=== What you need to do ===
Please copy each line in the records below that contains the string "intrD".

Source data
(* Let $\alpha\in\mathbb{Q}(i)\setminus\mathbb{R}$ with $|\alpha|>1$, with minimal primitive polynomial $P_\alpha(X)=a_2X^2+a_1X+a_0$ ($a_0,a_1,a_2\in\mathbb{Z}$ coprime, $a_2>0$, $P_\alpha(\alpha)=0$), and $\mathcal{D}=\{0,\ldots,|a_0|-1\}$, $\Lambda_\alpha=\mathbb{Z}[\alpha]\cap\alpha^{-1}\mathbb{Z}[\alpha^{-1}]$. Let $r=(\tfrac{a_2}{a_0},\tfrac{a_1}{a_0})$ and $\tau_r:\mathbb{Z}^2\to\mathbb{Z}^2$, $(z_0,z_1)\mapsto\left(z_1,-\left\lfloor \tfrac{a_2}{a_0}z_0+\tfrac{a_1}{a_0}z_1\right\rfloor\right)$. Let $\mathcal{V}_0=\{\pm(1,0),\pm(0,1)\}$, $\mathcal{V}_{j+1}=\mathcal{V}_j\cup\tau_r(\mathcal{V}_j)\cup(-\tau_r(-\mathcal{V}_j))$ for $j\ge0$, and $\mathcal{V}_r=\bigcup_{j\ge0}\mathcal{V}_j$. Let $\iota_\alpha:\mathbb{Q}^2\to\mathbb{Q}(i)$, $(z_0,z_1)\mapsto \operatorname{sgn}(a_0)\big(z_0a_2+z_1(a_2\alpha+a_1)\big)$, and $\mathcal{V}_\alpha=\iota_\alpha(\mathcal{V}_r)$. Then $\alpha$ has the finiteness property in $\Lambda_\alpha$ if and only if every $N\in\mathcal{V}_\alpha$ has an integer $\alpha$-expansion.
   Context: For $x\in\Lambda_\alpha$ there is a unique $d\in\mathcal{D}$ with $(x-d)/\alpha\in\Lambda_\alpha$, and $T_\alpha(x)=(x-d)/\alpha$. An element $N\in\Lambda_\alpha$ has an integer $\alpha$-expansion if the orbit $N, T_\alpha(N), T_\alpha^2(N),\ldots$ reaches $0$; $\alpha$ has the finiteness property in $\Lambda_\alpha$ if every $N\in\Lambda_\alpha$ has an integer $\alpha$-expansion. *)

(* Complex numbers are modelled in algC (algebraic complex
   numbers), which contains Q(i). *)
From HB Require Import structures.
From mathcomp Require Import all_boot all_order all_algebra all_field.
Set Implicit Arguments. Unset Strict Implicit. Unset Printing Implicit Defensive.
Import Order.TTheory GRing.Theory Num.Theory.
Local Open Scope ring_scope.

Definition in_Qi (x : algC) : Prop :=
  exists p q : rat, x = ratr p + 'i * ratr q.

Definition in_Zpoly (beta x : algC) : Prop :=
  exists p : {poly int}, x = (map_poly (fun z : int => z%:~R : algC) p).[beta].

Definition in_Lambda (alpha x : algC) : Prop :=
  in_Zpoly alpha x /\ exists y : algC, in_Zpoly alpha^-1 y /\ x = alpha^-1 * y.

Definition in_digits (a0 : int) (d : nat) : Prop := (d < `|a0|)%N.

Definition T_step (alpha : algC) (a0 : int) (x y : algC) : Prop :=
  in_Lambda alpha x /\
  exists d : nat,
    [/\ in_digits a0 d,
        in_Lambda alpha ((x - d%:R) / alpha),
        (forall d' : nat, in_digits a0 d' ->
           in_Lambda alpha ((x - d'%:R) / alpha) -> d' = d)
      & y = (x - d%:R) / alpha].

Definition has_int_expansion (alpha : algC) (a0 : int) (N : algC) : Prop :=
  in_Lambda alpha N /\
  exists (n : nat) (s : nat -> algC),
    [/\ s 0%N = N,
        (forall k : nat, (k < n)%N -> T_step alpha a0 (s k) (s k.+1))
      & s n = 0].

Definition finiteness_property (alpha : algC) (a0 : int) : Prop :=
  forall N : algC, in_Lambda alpha N -> has_int_expansion alpha a0 N.

Definition tau_r (a0 a1 a2 : int) (z : int * int) : int * int :=
  (z.2, - Num.floor ((a2%:~R / a0%:~R : rat) * z.1%:~R
                     + (a1%:~R / a0%:~R : rat) * z.2%:~R)).

Definition negz2 (z : int * int) : int * int := (- z.1, - z.2).

Fixpoint in_Vj (a0 a1 a2 : int) (j : nat) (v : int * int) : Prop :=
  match j with
  | 0%N => v = (1, 0) \/ v = (-1, 0) \/ v = (0, 1) \/ v = (0, -1)
  | j'.+1 => [\/ in_Vj a0 a1 a2 j' v,
                 (exists w, in_Vj a0 a1 a2 j' w /\ v = tau_r a0 a1 a2 w)
               | (exists w, in_Vj a0 a1 a2 j' w /\
                            v = negz2 (tau_r a0 a1 a2 (negz2 w)))]
  end.

Definition in_Vr (a0 a1 a2 : int) (v : int * int) : Prop :=
  exists j : nat, in_Vj a0 a1 a2 j v.

Definition iota_alpha (alpha : algC) (a0 a1 a2 : int) (z : int * int) : algC :=
  (Num.sg a0)%:~R * (z.1%:~R * a2%:~R + z.2%:~R * (a2%:~R * alpha + a1%:~R)).

From HB Require Import structures.
From mathcomp Require Import all_boot all_order all_algebra all_field.
From mathcomp Require Import ring lra zify.
Import Order.TTheory GRing.Theory Num.Theory.
Local Open Scope ring_scope.

(* The map iota is a bijection from Z^2 onto Lambda_alpha which conjugates
   tau_r to T_alpha: iota z - d = alpha * iota (tau_r z) for a digit d, and
   this digit is unique because an integer of the form alpha * iota w is a
   multiple of a0.  So iota z has an integer expansion iff the tau_r-orbit of
   z reaches 0.  Since floor (x + y) is floor x + floor y or floor x + ceil y,
   tau_r (z + v) is tau_r z + tau_r v or tau_r z - tau_r (- v), and V_r is
   closed under both maps; by induction on the time the orbit of z needs to
   reach 0, so does the orbit of z + v for v in V_r, as soon as all orbits
   starting in V_r reach 0.  As V_r contains the unit vectors and their
   opposites, every orbit then reaches 0.  The inclusion of Lambda_alpha in
   the image of iota comes from Gauss's lemma: the primitive polynomial
   P_alpha divides X^k p - R whenever p(alpha) = x and R(alpha) = alpha^k x
   with deg R < k, and the top coefficients of the cofactor express x. *)

Lemma floorD_cases (R : archiRealFieldType) (x y : R) :
  Num.floor (x + y) = Num.floor x + Num.floor y \/
  Num.floor (x + y) = Num.floor x - Num.floor (- y).
Proof.
rewrite (floorNceil (- y)) !opprK ceil_floor.
have [y_int | y_nint] := boolP (y \is a Num.int); first by left; rewrite floorDrz.
have /andP[x_ge x_lt] := floor_itv x; have /andP[y_ge y_lt] := floor_itv y.
rewrite !intrD mulr1z in x_lt y_lt.
have [lt | ge] := ltP (x + y) ((Num.floor x)%:~R + (Num.floor y)%:~R + 1).
  by left; apply: floor_def; rewrite !intrD mulr1z lt andbT; lra.
by right; rewrite /= addrA; apply: floor_def; rewrite !intrD mulr1z ge /=; lra.
Qed.

Lemma floor_div_rem (R : archiRealFieldType) (n m : int) : m != 0 ->
  0 <= Num.sg m * (n - m * Num.floor (n%:~R / m%:~R : R)) < `|m|.
Proof.
move=> m_neq0; set f := Num.floor _.
have /andP[f_le f_lt] := floor_itv (n%:~R / m%:~R : R); rewrite -/f intrD in f_lt.
have e : ((Num.sg m * (n - m * f))%:~R : R) = `|m|%:~R * (n%:~R / m%:~R - f%:~R).
  by rewrite normrEsg !intrM intrB intrM; field; rewrite intr_eq0.
have m_gt0 : (0 : R) < `|m|%:~R by rewrite ltr0z normr_gt0.
rewrite -(ler0z R) -(ltr_int R) e; apply/andP; split; nra.
Qed.

Lemma pairMzE (M1 M2 : zmodType) (x : M1 * M2) (c : int) :
  x *~ c = (x.1 *~ c, x.2 *~ c).
Proof. by case: c => n; rewrite ?NegzE ?mulrNz -!pmulrn pairMnE. Qed.

Section ShiftRadixOrbits.
Variables a0 a1 a2 : int.
Local Notation tau := (tau_r a0 a1 a2).
Local Notation Vr := (in_Vr a0 a1 a2).

Lemma tau_rD x y : tau (x + y) = tau x + tau y \/ tau (x + y) = tau x - tau (- y).
Proof.
case: x y => [x1 x2] [y1 y2]; rewrite /tau_r /=.
set c2 := (a2%:~R / a0%:~R : rat); set c1 := (a1%:~R / a0%:~R : rat).
set A := c2 * x1%:~R + c1 * x2%:~R; set B := c2 * y1%:~R + c1 * y2%:~R.
have -> : c2 * (x1 + y1)%:~R + c1 * (x2 + y2)%:~R = A + B by rewrite !intrD /A /B; ring.
have -> : c2 * (- y1)%:~R + c1 * (- y2)%:~R = - B by rewrite !intrN /B; ring.
by case: (floorD_cases _ A B) => ->; [left | right]; apply: (congr2 pair) => /=; ring.
Qed.

Lemma in_Vr_tau v : Vr v -> Vr (tau v).
Proof. by case=> j hj; exists j.+1; apply: Or32; exists v. Qed.

Lemma in_Vr_tauN v : Vr v -> Vr (- tau (- v)).
Proof. by case=> j hj; exists j.+1; apply: Or33; exists v. Qed.

Definition reaches0 z := exists n, iter n tau z = 0.

Lemma reaches0_tau z : reaches0 (tau z) -> reaches0 z.
Proof. by case=> n hn; exists n.+1; rewrite iterSr. Qed.

Section AllOrbits.
Hypothesis Vr_reaches0 : forall v, Vr v -> reaches0 v.

Lemma reaches0_addVr z v : reaches0 z -> Vr v -> reaches0 (z + v).
Proof.
case=> n; elim: n z v => [|n IH] z v hz hv.
  by move: hz => /= ->; rewrite add0r; exact: Vr_reaches0.
rewrite iterSr in hz; apply: reaches0_tau.
by case: (tau_rD z v) => ->; apply: IH hz _; [exact: in_Vr_tau | exact: in_Vr_tauN].
Qed.

Lemma reaches0_addMz z v c : reaches0 z -> Vr v -> Vr (- v) -> reaches0 (z + v *~ c).
Proof.
move=> hz hv hNv.
have addMn w n : Vr w -> reaches0 (z + w *+ n).
  move=> hw; elim: n => [|n IH]; first by rewrite mulr0n addr0.
  by rewrite mulrSr addrA; exact: reaches0_addVr.
by case: c => n; [exact: addMn | rewrite NegzE mulrNz -mulNrn; exact: addMn].
Qed.

Lemma reaches0_all z : reaches0 z.
Proof.
have -> : z = 0 + (1, 0) *~ z.1 + (0, 1) *~ z.2.
  rewrite !pairMzE /= !mul0rz !intz; case: z => z1 z2 /=.
  by apply: (congr2 pair) => /=; rewrite ?add0r ?addr0.
have Vr_base v : in_Vj a0 a1 a2 0 v -> Vr v by exists 0%N.
have [e1 e1N] : Vr (1, 0) /\ Vr (- (1, 0)) by split; apply: Vr_base; do ?[by left | right].
have [e2 e2N] : Vr (0, 1) /\ Vr (- (0, 1)) by split; apply: Vr_base; do ?[by left | right].
by apply: reaches0_addMz e2 e2N; apply: reaches0_addMz e1 e1N; exists 0%N.
Qed.

End AllOrbits.
End ShiftRadixOrbits.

=== Solved problem ===
rewrite !intrD mulr1z in x_lt y_lt.
  by left; apply: floor_def; rewrite !intrD mulr1z lt andbT; lra.
by right; rewrite /= addrA; apply: floor_def; rewrite !intrD mulr1z ge /=; lra.
have /andP[f_le f_lt] := floor_itv (n%:~R / m%:~R : R); rewrite -/f intrD in f_lt.
have -> : c2 * (x1 + y1)%:~R + c1 * (x2 + y2)%:~R = A + B by rewrite !intrD /A /B; ring.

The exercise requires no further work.